Dear @minoh0201, I was wrong as the input submitted to BLAST against the CARD database is a protein FASTA, so the BLAST should be BLASTp, as you said before. But now I have another question, why not using the UDBA output used to BLAST the other two databases, blasting CARD via BLASTX instead of having to generate the Prodigal protein FASTA and then BLASTp CARD db? I have tested this option myself, and the results are analogous to those of the BLASTp. This way, you may simplify the use of Metacompare by reducing the number of inputs required.

Another thing I'd like to point out is that the results of the tool are written only as STDOUT in the screen...would it be possible to add a piece of code so that the final risk calculation outputs as a separate text file? I highlight this because when you run several samples in a batch, if the program spits a warning, you completely lose track of the resistome risk scores for each sample...

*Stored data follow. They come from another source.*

Lemma spectral_radius_le_subinvariant {n} (P : 'M[R]_n) (x : 'cV[R]_n) t :
  mx_nonneg P -> (forall i, 0 < x i 0) -> 0 <= t ->
  (forall i, (P *m x) i 0 <= t * x i 0) -> spectral_radius P <= t.
Proof.
move=> P_ge0 x_gt0 t_ge0 Px_le; apply: spectral_radius_le => // z.
case/eigenvalues_eigenvector => u Pu /cV0Pn[j uj_neq0].
(* Compare the eigenvector u with x at an index maximizing |u_i| / x_i. *)
pose r i := normc (u i 0) / x i 0.
have [i0 _ r_le] := @arg_maxP _ _ _ j xpredT r isT.
have u_le k : normc (u k 0) <= r i0 * x k 0 by rewrite -ler_pdivrMr //; exact: r_le.
have ui0 : normc (u i0 0) = r i0 * x i0 0 by rewrite /r mulfVK // gt_eqF.
have ri0_gt0 : 0 < r i0.
  by apply: lt_le_trans (r_le j isT); rewrite divr_gt0 // normc_gt0.
have ui0_gt0 : 0 < normc (u i0 0) by rewrite ui0 mulr_gt0.
suff : normc z * normc (u i0 0) <= t * normc (u i0 0) by rewrite ler_pM2r.
rewrite -ComplexField.Normc.normcM.
have -> : z * u i0 0 = \sum_k (P i0 k)%:C%C * u k 0.
  have := congr1 (fun v : 'cV_n => v i0 0) Pu; rewrite !mxE => <-.
  by apply: eq_bigr => k _; rewrite mxE.
apply: le_trans (normc_sum_le _ _ _) _.
apply: (@le_trans _ _ (r i0 * (P *m x) i0 0)).
  rewrite mxE big_distrr /=; apply: ler_sum => k _.
  by rewrite ComplexField.Normc.normcM normc_real ger0_norm // mulrCA ler_wpM2l.
by rewrite ui0 mulrCA ler_wpM2l // ltW.
Qed.

Lemma spectral_radius_lt1_subinvariant {n} (P : 'M[R]_n) (x : 'cV[R]_n) :
  mx_nonneg P -> (forall i, 0 < x i 0) -> (forall i, (P *m x) i 0 < x i 0) ->
  spectral_radius P < 1.
Proof.
move=> P_ge0 x_gt0 Px_lt; pose t := \big[Num.max/0]_i ((P *m x) i 0 / x i 0).
apply: (@le_lt_trans _ _ t); last by rewrite bigmax_lt // => i _; rewrite ltr_pdivrMr ?mul1r.
apply: (@spectral_radius_le_subinvariant _ _ x) => //; first exact: bigmax_ge_id.
by move=> i; rewrite -ler_pdivrMr //; exact: le_bigmax.
Qed.

Lemma prod_eigenvalues_eq0 {n} (M : 'M[R]_n) :
  \prod_(z <- eigenvalues M) (M^C - z%:M) = 0.
Proof.
case: n M => [|n] M; first by rewrite flatmx0.
have := Cayley_Hamilton M^C; rewrite /eigenvalues.
case: closed_field_poly_normal => rs /= ->.
rewrite (monicP (char_poly_monic _)) scale1r rmorph_prod => <-.
by apply: eq_bigr => z _; rewrite rmorphB /= horner_mx_X horner_mx_C.
Qed.

Lemma normc_cvg0_recurrence (u : nat -> R[i]) z : normc z < 1 ->
  (fun k => normc (u k.+1 - z * u k)) @ \oo --> 0 ->
  (fun k => normc (u k)) @ \oo --> 0.
Proof.
move=> z_lt1 diff0.
apply: (cvg0_contraction _ _ _ (normc_ge0 z) z_lt1 (fun k => normc_ge0 _) diff0) => k.
rewrite -ComplexField.Normc.normcM addrC -{1}[u k.+1](subrK (z * u k)).
exact: le_normcD.
Qed.

Lemma cvg0_exp_mulmx_of_annihilator {n} (X : 'M[R[i]]_n) (l : seq R[i]) :
  (forall z, z \in l -> normc z < 1) ->
  (forall (w : 'cV_n) i, (fun k => normc (((\prod_(z <- l) (X - z%:M)) *m (X ^+ k *m w)) i 0))
     @ \oo --> 0) ->
  forall (w : 'cV_n) i, (fun k => normc ((X ^+ k *m w) i 0)) @ \oo --> 0.
Proof.
elim: l => [|z l IHl] l_lt1 Ql0 w i.
  by move: (Ql0 w i); rewrite big_nil; under eq_fun do rewrite mul1mx.
apply: IHl => [y y_l | {}w {}i]; first by apply: l_lt1; rewrite inE y_l orbT.
apply: (normc_cvg0_recurrence _ z); first by apply: l_lt1; rewrite inE eqxx.
set Q := \prod_(y <- l) (X - y%:M).
have XQ : X *m Q = Q *m X.
  by apply: commr_prod => y _; apply: commrB => //; exact: scalar_mxC.
have E k : (Q *m (X ^+ k.+1 *m w)) i 0 - z * (Q *m (X ^+ k *m w)) i 0 =
    ((\prod_(y <- z :: l) (X - y%:M)) *m (X ^+ k *m w)) i 0.
  by rewrite big_cons exprS -!mulmxE !mulmxBl mul_scalar_mx XQ -/Q -!mulmxA -scalemxAl !mxE.
by under eq_fun do rewrite E; exact: Ql0.
Qed.

Lemma cvg0_exp_mulmx {n} (M : 'M[R]_n) (w : 'cV[R]_n) i :
  spectral_radius M < 1 -> (fun k => (M ^+ k *m w) i 0) @ \oo --> 0.
Proof.
move=> rho_lt1; apply/norm_cvg0P.
have E k : `|(M ^+ k *m w) i 0| = normc ((M^C ^+ k *m w^C) i 0).
  by rewrite -map_mxX -map_mxM [in RHS]mxE normc_real.
under eq_fun do rewrite E.
apply: (@cvg0_exp_mulmx_of_annihilator _ _ (eigenvalues M)).
  by move=> z /normc_le_spectral_radius /le_lt_trans; apply.
move=> v j; rewrite prod_eigenvalues_eq0.
by under eq_fun do rewrite mul0mx mxE ComplexField.Normc.normc0; exact: cvg_cst.
Qed.

End Spectrum.

Section Nonnegative.
Context {R : realType}.

Lemma mx_nonnegM {m n p} {A : 'M[R]_(m, n)} {B : 'M[R]_(n, p)} :
  mx_nonneg A -> mx_nonneg B -> mx_nonneg (A *m B).
Proof. by move=> A_ge0 B_ge0 i j; rewrite mxE sumr_ge0 // => k _; rewrite mulr_ge0. Qed.

Lemma mx_nonnegD {m n} {A B : 'M[R]_(m, n)} :
  mx_nonneg A -> mx_nonneg B -> mx_nonneg (A + B).
Proof. by move=> A_ge0 B_ge0 i j; rewrite mxE addr_ge0. Qed.

Lemma mx_nonneg_sum {m n} {I : Type} {r : seq I} {P : pred I} {A : I -> 'M[R]_(m, n)} :
  (forall j, P j -> mx_nonneg (A j)) -> mx_nonneg (\sum_(j <- r | P j) A j).
Proof. by move=> A_ge0 i k; rewrite summxE sumr_ge0 // => j Pj; exact: A_ge0. Qed.

Lemma mx_nonnegX {n} {A : 'M[R]_n} k : mx_nonneg A -> mx_nonneg (A ^+ k).
Proof.
move=> A_ge0; elim: k => [|k IHk]; first by move=> i j; rewrite expr0 mxE ler0n.
by rewrite exprS; exact: mx_nonnegM.
Qed.

Lemma mx_nonneg_mulmx_le {m n} {A : 'M[R]_(m, n)} {a b : 'cV[R]_n} : mx_nonneg A ->
  (forall i, a i 0 <= b i 0) -> forall i, (A *m a) i 0 <= (A *m b) i 0.
Proof. by move=> A_ge0 ab i; rewrite !mxE ler_sum // => k _; rewrite ler_wpM2l. Qed.

Lemma neumann_inv_nonneg {n} {B : 'M[R]_n} : mx_nonneg B -> spectral_radius B < 1 ->
  (1%:M - B) \in unitmx /\ mx_nonneg (invmx (1%:M - B)).
Proof.
move=> B_ge0 rho_lt1.
have uIB : (1%:M - B) \in unitmx.
  apply: contraLR rho_lt1; rewrite unitmxE unitfE negbK -leNgt => /det0P[v v_neq0 vIB].
  move/eqP: vIB; rewrite mulmxBr mulmx1 subr_eq0 => /eqP vB.
  have : eigenvalue B 1 by apply/eigenvalueP; exists v; rewrite // scale1r -vB.
  rewrite -(eigenvalue_map (real_complex R)) rmorph1 eigenvalue_root_char.
  by rewrite -mem_eigenvalues => /normc_le_spectral_radius; rewrite ComplexField.Normc.normc1.
split=> // i j; pose y := col j (invmx (1%:M - B)).
have -> : invmx (1%:M - B) i j = y i 0 by rewrite mxE.
have By_le k : (B *m y) k 0 <= y k 0.
  have IBy : (1%:M - B) *m y = delta_mx j 0 by rewrite /y colE mulKVmx.
  have : 0 <= (delta_mx j 0 : 'cV[R]_n) k 0 by rewrite mxE ler0n.
  by rewrite -IBy mulmxBl mul1mx !mxE subr_ge0.
(* The negative part u of y satisfies u <= B u <= B^k u, and B^k u -> 0. *)
pose u := \col_k Num.max (- y k 0) 0.
have u_ge0 : mx_nonneg u by move=> k l; rewrite mxE le_max lexx orbT.
have u_le k : u k 0 <= (B *m u) k 0.
  rewrite [u k 0]mxE ge_max (mx_nonnegM B_ge0 u_ge0) andbT.
  apply: le_trans (_ : (B *m - y) k 0 <= _).
    by rewrite mulmxN [X in _ <= X]mxE lerN2.
  by apply: mx_nonneg_mulmx_le => // l; rewrite !mxE le_max lexx.
have u_le_pow k l : u l 0 <= (B ^+ k *m u) l 0.
  elim: k l => [|k IHk] l; first by rewrite expr0 mul1mx.
  apply: le_trans (IHk l) _; rewrite exprSr -mulmxE -mulmxA.
  exact: mx_nonneg_mulmx_le (mx_nonnegX _ B_ge0) u_le l.
have : u i 0 <= 0.
  by apply: (cvgr_to_ge (cvg0_exp_mulmx B u i rho_lt1)); exact: nearW.
by rewrite mxE ge_max lerNl oppr0 => /andP[].
Qed.

Lemma regular_splitting_inv_nonneg {n} {A P W : 'M[R]_n} :
  regular_splitting A P W -> convergent_splitting P W ->
  A \in unitmx /\ mx_nonneg (invmx A).
Proof.
case=> -> uP P_inv_ge0 W_ge0 conv.
have [uIB IB_inv_ge0] := neumann_inv_nonneg (mx_nonnegM P_inv_ge0 W_ge0) conv.
have -> : P - W = P *m (1%:M - invmx P *m W) by rewrite mulmxBr mulmx1 mulKVmx.
split; first by rewrite unitmx_mul uP.
by rewrite invmxM //; exact: mx_nonnegM.
Qed.

End Nonnegative.

Section TwoStage.
Context {R : realType} {n : nat}.

Lemma two_stage_fixpoint (U V F G : 'M[R]_n) s (x : 'cV[R]_n) :
  U = F - G -> F \in unitmx ->
  two_stage_T V F G s *m x + two_stage_c F G s ((U - V) *m x) = x.
Proof.
move=> UE uF; set H := invmx F *m G.
have FiU : invmx F *m U = 1%:M - H by rewrite UE mulmxBr mulVmx.
have term j : H ^+ j *m invmx F *m V *m x + H ^+ j *m invmx F *m ((U - V) *m x) =
    H ^+ j *m (1%:M - H) *m x.
  by rewrite -FiU mulmxBl mulmxBr !mulmxA addrC subrK.
rewrite /two_stage_T /two_stage_c -/H mulmxDl mulmx_suml -addrA -big_split /=.
under eq_bigr do rewrite term.
by rewrite -!mulmx_suml geometric_sum_mulmx mulmxBl mul1mx addrC subrK.
Qed.

Lemma two_stage_T_conj (V F G : 'M[R]_n) s : F \in unitmx ->
  F *m two_stage_T V F G s *m invmx F =
    (G *m invmx F) ^+ s + \sum_(j < s) (G *m invmx F) ^+ j *m (V *m invmx F).
Proof.
move=> uF; have KE : G *m invmx F = F *m (invmx F *m G) *m invmx F by rewrite mulKVmx.
rewrite /two_stage_T mulmxDr mulmxDl mulmx_sumr mulmx_suml KE exp_conjmx //.
congr (_ + _); apply: eq_bigr => j _; rewrite exp_conjmx //.
by rewrite !mulmxA.
Qed.
(* Let $n\ge2$, $N=\binom n2$ and $1\le M\le N-1$. Let $H$ be the graph whose vertices are the labeled graphs on $[n]$ with exactly $M$ edges, two graphs being adjacent iff one is obtained from the other by replacing one edge by one non-edge, and let $m_G(G')=\frac{1}{M(N-M)+1}$ if $G'=G$ or $G'$ is adjacent to $G$ in $H$, and $0$ otherwise. Then for all distinct $G_1,G_2\in V(H)$, \[\kappa(G_1,G_2)\ge\frac{N}{M(N-M)+1}.\]
   Context: For a graph $H$ with random walk $m$ (each $m_x$ a probability distribution supported on $x$ and its neighbors), $d$ the graph distance on $H$, the transportation distance is $W(m_1,m_2)=\inf_A\sum_{x,y}A(x,y)d(x,y)$ over couplings $A$ of $m_1,m_2$ (i.e. $\sum_yA(x,y)=m_1(x)$, $\sum_xA(x,y)=m_2(y)$), and the Ollivier Ricci curvature is $\kappa(x,y)=1-W(m_x,m_y)/d(x,y)$. *)

From mathcomp Require Import all_boot.
From Stdlib Require Import Reals ClassicalEpsilon.

Set Implicit Arguments.
Unset Strict Implicit.
Unset Printing Implicit Defensive.

Definition edge (n : nat) := {e : {set 'I_n} | #|e| == 2}.

Definition Vtx (n M : nat) := {G : {set edge n} | #|G| == M}.

Definition adjHb (n M : nat) (G G' : Vtx n M) : bool :=
  [exists e : edge n, [exists f : edge n,
     [&& e \in val G, f \notin val G & val G' == (val G :\ e) :|: [set f]]]].

Fixpoint reachH (n M : nat) (k : nat) (G G' : Vtx n M) : bool :=
  match k with
  | 0 => G == G'
  | k'.+1 => [exists Z : Vtx n M, reachH k' G Z && adjHb Z G']
  end.

(* Graph distance on H: least k with a walk of length k (a shortest path in a
   graph with #|V| vertices has length < #|V|; value #|V| if unreachable,
   which never happens since H is connected). *)
Definition distH (n M : nat) (G G' : Vtx n M) : nat :=
  find (fun k => reachH k G G') (iota 0 #|{: Vtx n M}|).

Definition mH (n M : nat) (G G' : Vtx n M) : R :=
  if (G' == G) || adjHb G G'
  then (/ INR (M * ('C(n, 2) - M) + 1))%R else 0%R.

Definition sumR (T : finType) (F : T -> R) : R := \big[Rplus/0%R]_(x : T) F x.

Definition coupling (T : finType) (m1 m2 : T -> R) (A : T -> T -> R) : Prop :=
  (forall x y, (0 <= A x y)%R) /\
  (forall x, sumR (fun y => A x y) = m1 x) /\
  (forall y, sumR (fun x => A x y) = m2 y).

Definition transport_cost (T : finType) (d : T -> T -> nat) (A : T -> T -> R) : R :=
  sumR (fun x => sumR (fun y => (A x y * INR (d x y))%R)).

Definition is_glb (S : R -> Prop) (w : R) : Prop :=
  (forall c, S c -> (w <= c)%R) /\
  (forall w', (forall c, S c -> (w' <= c)%R) -> (w' <= w)%R).

Definition transW (T : finType) (d : T -> T -> nat) (m1 m2 : T -> R) : R :=
  epsilon (inhabits 0%R)
    (is_glb (fun c => exists A, coupling m1 m2 A /\ c = transport_cost d A)).

Definition kappaH (n M : nat) (G1 G2 : Vtx n M) : R :=
  (1 - transW (@distH n M) (mH G1) (mH G2) / INR (distH G1 G2))%R.

(* Write N = 'C(n, 2) and
   D = M (N - M) + 1, so that the walk m_G is uniform on the ball of G, of size D.

   1. Combinatorics of H: dd X Y = #|X \ Y| is the graph distance of H
      (distH_dd), and every pair at distance j + 1 has a geodesic step.
   2. Adjacent pairs G2 = G1 - a + b: the transposition of the edge slots a, b
      is an automorphism of H exchanging G1 and G2; correcting it on {G1, G2}
      gives an involution sigma mapping ball(G1) onto ball(G2) whose total
      displacement is (M - 1)(N - M - 1) (sum_dd_sigma).  Coupling m_G1 with
      m_G2 along sigma gives W <= (M - 1)(N - M - 1) / D.
   3. Transport in general: W is below the cost of every coupling, and
      couplings glue with subadditive cost, so along a geodesic
      W(m_X, m_Y) <= d(X, Y) * (M - 1)(N - M - 1) / D.
   4. Since N + (M - 1)(N - M - 1) = D, this gives kappa >= N / D. *)

From Stdlib Require Import Reals ClassicalEpsilon.
From mathcomp Require Import all_boot all_order ssralg ssrnum.
From mathcomp Require Import Rstruct zify ring.

Set Implicit Arguments.
Unset Strict Implicit.
Unset Printing Implicit Defensive.
Import Order.TTheory GRing.Theory Num.Theory.

Section EdgeSwapGraph.
Variables n M : nat.
Local Notation E := (edge n).
Local Notation V := (Vtx n M).

Definition swapS (S : {set E}) (e f : E) : {set E} := S :\ e :|: [set f].

Lemma card_swapS (S : {set E}) (e f : E) :
  e \in S -> f \notin S -> #|swapS S e f| = #|S|.
Proof.
move=> eS fS; rewrite /swapS setUC cardsU1 !inE negb_and fS orbT /=.
by rewrite [in RHS](cardsD1 e) eS.
Qed.

Lemma swapS_inj (S : {set E}) (e f e' f' : E) :
  e \in S -> f \notin S -> e' \in S -> f' \notin S ->
  swapS S e f = swapS S e' f' -> e = e' /\ f = f'.
Proof.
move=> eS fS e'S f'S h.
have : f \in swapS S e' f' by rewrite -h /swapS !inE eqxx orbT.
rewrite /swapS !inE => /orP[/andP[_ fS']|/eqP ->]; first by rewrite fS' in fS.
split=> //; apply/eqP; apply/negPn/negP => ne.
have : e \in swapS S e f by rewrite h /swapS !inE ne eS.
by rewrite /swapS !inE eqxx /= => /eqP efe; rewrite -efe eS in fS.
Qed.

minoh0201 commented 4 years ago

MetaCompare was designed to serve Metagenomic sequencing data which contains nucleotide sequences. IDBA-UD output also is supposed to be nucleotide sequences. Hence, Prodigal is introduced to predict coding-gene regions to do the subsequent BLASTX. I think your usage is a little bit off from the intention but it makes sense to skip Prodigal and use BLASTP if your FASTA file somehow contains amino acid sequences. My apology for not providing any further updates. You may folk the repo and customize as you wish.